The Powerful Bond of Being Ex-Enemies
Twenty years from now, could veterans of Afghanistan be trading war stories over friendly dinners with ex-Taliban fighters? It sound inconceivable, but then, it always is—when the war is still on. Yet ex-soldiers in past wars have felt a bond with fellow-fighters, which they don’t share with non-veterans. That feeling of solidarity can and does extend even to those who fought on the other side. Case in point: These Bosnian war veterans, Croats and Muslims, who recently gave up some of their pension money to support ethnic Serb veterans.

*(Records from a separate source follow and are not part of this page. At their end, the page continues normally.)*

(** The forward difference [fdiff p = p(X+1) - p] and the linear map [antidiff]
    sending [X^n] to [B_{n+1}(X)/(n+1)] are inverse to each other up to
    constants: the identity [\sum_{k<=n} C(n+1,k) B_k = (n+1) X^n] gives
    [antidiff (fdiff p) = p - \int_0^1 p].  For [p = X^{\underline n}] we have
    [fdiff p = n X^{\underline{n-1}}], whose coefficients are the [n s(n-1,k)].
    It remains to see that [\int_0^1 X^{\underline n} = B*_n].  The weight
    [bern2_weight m k = (-1)^{m-k} / (k! (m+1-k))] is the coefficient of [t^m]
    in [t^k/k! * log(1+t)/t], so the [B*_k] solve the triangular system
    [\sum_k bern2_weight m k * x_k = [m = 0]].  Comparing coefficients of [t^m]
    in [(1+t)^X log(1+t)/t = (d/dX (1+t)^X) / t] gives
    [\sum_k bern2_weight m k * X^{\underline k} = (X^{\underline{m+1}})' / (m+1)!],
    whose integral over [[0,1]] is [[m = 0]] because [X^{\underline{m+1}}]
    vanishes at 0 and, for [m > 0], at 1. *)

Section LincombCoef.
Variables (R : nzRingType) (V : lmodType R) (w : nat -> V).

Definition lincomb_coef (p : {poly R}) : V := \sum_(i < size p) p`_i *: w i.

Lemma lincomb_coef_widen N (p : {poly R}) :
  (size p <= N)%N -> lincomb_coef p = \sum_(i < N) p`_i *: w i.
Proof.
move=> le_pN; rewrite /lincomb_coef (big_ord_widen N (fun i => p`_i *: w i) le_pN).
rewrite big_mkcond; apply: eq_bigr => i _.
by case: ltnP => // le_p_i; rewrite nth_default ?scale0r.
Qed.

Fact lincomb_coef_is_semilinear : semilinear lincomb_coef.
Proof.
split=> [c p | p q].
  rewrite (lincomb_coef_widen (size_scale_leq c p)) /lincomb_coef scaler_sumr.
  by apply: eq_bigr => i _; rewrite coefZ scalerA.
rewrite (lincomb_coef_widen (size_polyD p q)).
rewrite (lincomb_coef_widen (leq_maxl (size p) (size q))).
rewrite (lincomb_coef_widen (leq_maxr (size p) (size q))) -big_split.
by apply: eq_bigr => i _; rewrite coefD scalerDl.
Qed.

HB.instance Definition _ :=
  GRing.isSemilinear.Build R {poly R} V _ lincomb_coef lincomb_coef_is_semilinear.

Lemma lincomb_coefXn n : lincomb_coef 'X^n = w n.
Proof.
rewrite /lincomb_coef size_polyXn big_ord_recr /= coefXn eqxx scale1r.
by rewrite big1 ?add0r // => i _; rewrite coefXn ltn_eqF ?scale0r.
Qed.

End LincombCoef.

Arguments lincomb_coef {R V} w p : simpl never.

Section ForwardDifference.
Variable R : comNzRingType.
Implicit Types p q : {poly R}.

Definition fdiff p : {poly R} := p \Po ('X + 1) - p.

Fact fdiff_is_semilinear : semilinear fdiff.
Proof.
split=> [c p | p q]; rewrite /fdiff; first by rewrite comp_polyZ scalerBr.
by rewrite comp_polyD opprD addrACA.
Qed.

HB.instance Definition _ :=
  GRing.isSemilinear.Build R {poly R} {poly R} _ fdiff fdiff_is_semilinear.

Lemma fdiffZ c p : fdiff (c *: p) = c *: fdiff p.
Proof. exact: linearZ. Qed.

Lemma fdiffC c : fdiff c%:P = 0.
Proof. by rewrite /fdiff comp_polyC subrr. Qed.

Lemma fdiffXn n : fdiff 'X^n = \sum_(i < n) 'C(n, i)%:R *: 'X^i.
Proof.
rewrite /fdiff comp_Xn_poly exprD1n big_ord_recr /= binn mulr1n addrK.
by apply: eq_bigr => i _; rewrite scaler_nat.
Qed.

Lemma fdiff_deriv p : fdiff p^`() = (fdiff p)^`().
Proof. by rewrite /fdiff derivB deriv_comp derivD derivX derivC addr0 mulr1. Qed.

End ForwardDifference.

Section FallingFactorial.
Variable R : nzRingType.

Lemma ffpoly0 : ffpoly R 0 = 1.
Proof. by rewrite /ffpoly big_ord0. Qed.

Lemma ffpolyS n : ffpoly R n.+1 = ffpoly R n * ('X - n%:R%:P).
Proof. by rewrite /ffpoly big_ord_recr. Qed.

Lemma size_ffpoly n : (size (ffpoly R n) <= n.+1)%N.
Proof.
elim: n => [|n IHn]; first by rewrite ffpoly0 size_poly1.
rewrite ffpolyS (leq_trans (size_polyMleq _ _)) //.
by rewrite size_XsubC addn2.
Qed.

Lemma coef_ffpoly n i : (ffpoly R n)`_i = (stirling1 n i)%:~R.
Proof.
have -> : ffpoly R n = map_poly intr (ffpoly int n).
  rewrite /ffpoly rmorph_prod; apply: eq_bigr => j _.
  by rewrite /= map_polyXsubC; congr (_ - _%:P); rewrite rmorph_nat.
by rewrite coef_map.
Qed.

End FallingFactorial.

Section ComFallingFactorial.
Variable R : comNzRingType.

After 2004, the men were all soldiers in the same Army, the combined Muslim-Croat-Serb force that was created after the wars of ex-Yugoslavia. But before then they had fought each other in Bosnia’s bloody ethnic wars. In fact, the Serbs aren’t getting their pensions because the Serb state-within-a-state in Bosnia-Herzogovina refuses to abide by the federal government’s decision. The small payments involved aren’t going to support the Serb vets, but the symbolism is powerful.
This story, out of one recent and bloody conflict, is hardly unique. Years after the heat of war is past, ex-enemies often come together to trade their respects and talk with one another about what they experienced. It has happened after the American Civil war, after World War II in Europe and in the Pacific, and after the Vietnam War, to name a few examples. I’m not referring here to anodyne rhetoric of politicians touting alliances that have been made for cool reasons of statecraft among former enemies. I’m talking about the experience of men who worked hard to kill each other in the past, now reliving their experiences with one another—experiences that alienated them a little, or a lot, from the people they fought for.
In his autobiography the late Bishop Paul Moore recalls that separation from non-veterans that he felt after World War II ended: “The world we were entering did not seem real,” he writes. “If I saw a Marine at a bar, I still would leave my friends, rush over, and shoot the breeze. It was like meeting another American when traveling in the Gobi Desert.” It’s striking that this feeling of solidarity with other veterans can be felt even across the boundaries that marked the two sides. “It was like we were old platoon buddies,” says one American vet in this 2010 story about his meeting ex-Viet Cong fighters. “Although we fought on different sides, what we did was the same. Our fear was the same. Our hopes were the same. Our worries were the same.”